(EXERCISE OBJECTIVE) Please take the lines from the one holding "(forall i j x, le" through the one holding "forall (W : opspace)" in the data below and copy them exactly.

= = = = = = =

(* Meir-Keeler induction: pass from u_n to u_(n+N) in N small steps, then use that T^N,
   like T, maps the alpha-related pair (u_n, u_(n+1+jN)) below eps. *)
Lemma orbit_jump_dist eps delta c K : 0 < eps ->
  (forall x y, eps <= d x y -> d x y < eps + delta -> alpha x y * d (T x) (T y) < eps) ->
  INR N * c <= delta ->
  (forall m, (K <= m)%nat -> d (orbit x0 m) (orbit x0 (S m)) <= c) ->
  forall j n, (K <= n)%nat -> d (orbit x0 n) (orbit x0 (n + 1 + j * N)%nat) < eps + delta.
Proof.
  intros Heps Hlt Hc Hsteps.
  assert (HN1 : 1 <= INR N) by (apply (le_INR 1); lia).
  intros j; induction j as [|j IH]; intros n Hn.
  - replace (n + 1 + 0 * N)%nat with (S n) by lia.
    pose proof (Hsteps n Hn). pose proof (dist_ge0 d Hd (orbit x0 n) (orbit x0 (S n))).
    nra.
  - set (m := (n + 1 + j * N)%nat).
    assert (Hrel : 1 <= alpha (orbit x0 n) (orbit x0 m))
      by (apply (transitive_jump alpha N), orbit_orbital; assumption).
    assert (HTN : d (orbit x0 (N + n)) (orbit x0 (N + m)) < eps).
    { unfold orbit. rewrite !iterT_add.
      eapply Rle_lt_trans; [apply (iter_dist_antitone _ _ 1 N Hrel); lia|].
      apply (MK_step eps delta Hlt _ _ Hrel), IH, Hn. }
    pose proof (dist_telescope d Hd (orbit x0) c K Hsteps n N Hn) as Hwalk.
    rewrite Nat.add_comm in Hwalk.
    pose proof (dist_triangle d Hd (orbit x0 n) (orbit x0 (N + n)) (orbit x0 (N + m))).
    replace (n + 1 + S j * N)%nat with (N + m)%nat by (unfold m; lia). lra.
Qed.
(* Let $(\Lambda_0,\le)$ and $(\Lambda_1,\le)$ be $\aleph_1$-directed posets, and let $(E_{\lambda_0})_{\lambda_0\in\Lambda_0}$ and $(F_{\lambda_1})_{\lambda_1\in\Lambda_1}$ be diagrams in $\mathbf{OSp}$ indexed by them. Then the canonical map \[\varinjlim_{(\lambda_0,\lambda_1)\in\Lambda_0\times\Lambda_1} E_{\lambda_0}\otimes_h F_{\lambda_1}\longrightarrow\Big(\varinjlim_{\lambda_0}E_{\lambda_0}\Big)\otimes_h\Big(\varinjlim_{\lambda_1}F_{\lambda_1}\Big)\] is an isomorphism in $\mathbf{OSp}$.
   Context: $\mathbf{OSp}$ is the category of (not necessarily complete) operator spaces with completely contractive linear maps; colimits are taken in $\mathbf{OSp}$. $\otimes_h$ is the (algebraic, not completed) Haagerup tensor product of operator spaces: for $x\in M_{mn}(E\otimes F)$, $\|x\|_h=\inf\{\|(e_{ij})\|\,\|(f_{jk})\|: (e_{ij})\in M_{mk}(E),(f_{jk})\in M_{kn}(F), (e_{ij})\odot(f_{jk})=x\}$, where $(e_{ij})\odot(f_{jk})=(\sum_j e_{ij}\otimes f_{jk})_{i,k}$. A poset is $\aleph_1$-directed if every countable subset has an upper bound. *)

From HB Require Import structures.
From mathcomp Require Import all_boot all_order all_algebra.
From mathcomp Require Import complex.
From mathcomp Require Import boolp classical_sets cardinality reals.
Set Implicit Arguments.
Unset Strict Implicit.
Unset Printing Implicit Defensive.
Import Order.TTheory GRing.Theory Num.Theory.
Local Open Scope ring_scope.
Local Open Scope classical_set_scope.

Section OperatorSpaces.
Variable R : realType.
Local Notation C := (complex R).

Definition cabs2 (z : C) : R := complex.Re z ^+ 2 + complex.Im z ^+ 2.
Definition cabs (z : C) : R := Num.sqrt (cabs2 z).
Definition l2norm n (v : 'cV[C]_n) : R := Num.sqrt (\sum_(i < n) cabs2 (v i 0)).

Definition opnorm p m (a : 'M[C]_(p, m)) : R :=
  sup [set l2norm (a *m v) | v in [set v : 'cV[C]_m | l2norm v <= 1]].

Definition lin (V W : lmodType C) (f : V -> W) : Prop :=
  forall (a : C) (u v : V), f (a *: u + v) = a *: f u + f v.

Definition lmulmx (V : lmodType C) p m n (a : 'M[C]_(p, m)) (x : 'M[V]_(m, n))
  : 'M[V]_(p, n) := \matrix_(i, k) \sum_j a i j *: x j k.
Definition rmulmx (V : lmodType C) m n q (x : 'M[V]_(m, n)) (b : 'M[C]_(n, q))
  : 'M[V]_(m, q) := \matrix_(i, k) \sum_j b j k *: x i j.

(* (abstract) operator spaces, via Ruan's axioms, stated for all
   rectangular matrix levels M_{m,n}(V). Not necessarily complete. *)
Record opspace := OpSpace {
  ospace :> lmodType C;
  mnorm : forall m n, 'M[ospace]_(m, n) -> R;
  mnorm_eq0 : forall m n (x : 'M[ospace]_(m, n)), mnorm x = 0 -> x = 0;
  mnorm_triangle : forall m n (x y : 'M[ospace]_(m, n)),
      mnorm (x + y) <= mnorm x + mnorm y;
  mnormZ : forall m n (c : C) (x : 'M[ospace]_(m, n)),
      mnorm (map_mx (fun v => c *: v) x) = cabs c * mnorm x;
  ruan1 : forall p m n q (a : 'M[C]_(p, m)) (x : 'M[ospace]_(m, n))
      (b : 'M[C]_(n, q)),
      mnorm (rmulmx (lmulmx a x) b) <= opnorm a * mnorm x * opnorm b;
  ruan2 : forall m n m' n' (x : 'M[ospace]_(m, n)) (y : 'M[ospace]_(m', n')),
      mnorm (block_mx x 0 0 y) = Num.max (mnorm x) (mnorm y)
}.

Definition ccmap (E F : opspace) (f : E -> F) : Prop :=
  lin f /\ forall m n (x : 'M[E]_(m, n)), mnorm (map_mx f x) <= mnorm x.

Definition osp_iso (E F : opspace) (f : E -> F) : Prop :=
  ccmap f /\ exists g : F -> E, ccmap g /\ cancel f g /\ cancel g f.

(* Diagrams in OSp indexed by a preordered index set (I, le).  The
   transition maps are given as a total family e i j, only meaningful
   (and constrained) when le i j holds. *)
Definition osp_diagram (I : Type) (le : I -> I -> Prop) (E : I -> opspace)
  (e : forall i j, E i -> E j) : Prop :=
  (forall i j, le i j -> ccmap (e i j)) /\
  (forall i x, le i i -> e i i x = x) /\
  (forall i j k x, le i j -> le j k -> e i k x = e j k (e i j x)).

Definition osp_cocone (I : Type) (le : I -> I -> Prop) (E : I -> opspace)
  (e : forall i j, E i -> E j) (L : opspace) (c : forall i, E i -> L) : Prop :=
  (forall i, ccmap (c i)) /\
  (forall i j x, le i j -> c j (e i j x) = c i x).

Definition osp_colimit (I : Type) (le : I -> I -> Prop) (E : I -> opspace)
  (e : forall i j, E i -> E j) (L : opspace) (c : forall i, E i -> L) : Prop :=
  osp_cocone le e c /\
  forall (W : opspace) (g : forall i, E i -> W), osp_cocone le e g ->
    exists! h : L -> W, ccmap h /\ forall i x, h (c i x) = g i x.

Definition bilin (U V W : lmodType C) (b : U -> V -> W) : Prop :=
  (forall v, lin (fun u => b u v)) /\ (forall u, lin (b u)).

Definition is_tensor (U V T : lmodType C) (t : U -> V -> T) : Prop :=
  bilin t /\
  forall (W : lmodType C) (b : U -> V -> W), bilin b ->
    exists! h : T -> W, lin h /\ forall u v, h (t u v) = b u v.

= = = = = = =

(YOUR SOLUTION)
  (forall i j x, le i j -> c j (e i j x) = c i x).

Definition osp_colimit (I : Type) (le : I -> I -> Prop) (E : I -> opspace)
  (e : forall i j, E i -> E j) (L : opspace) (c : forall i, E i -> L) : Prop :=
  osp_cocone le e c /\
  forall (W : opspace) (g : forall i, E i -> W), osp_cocone le e g ->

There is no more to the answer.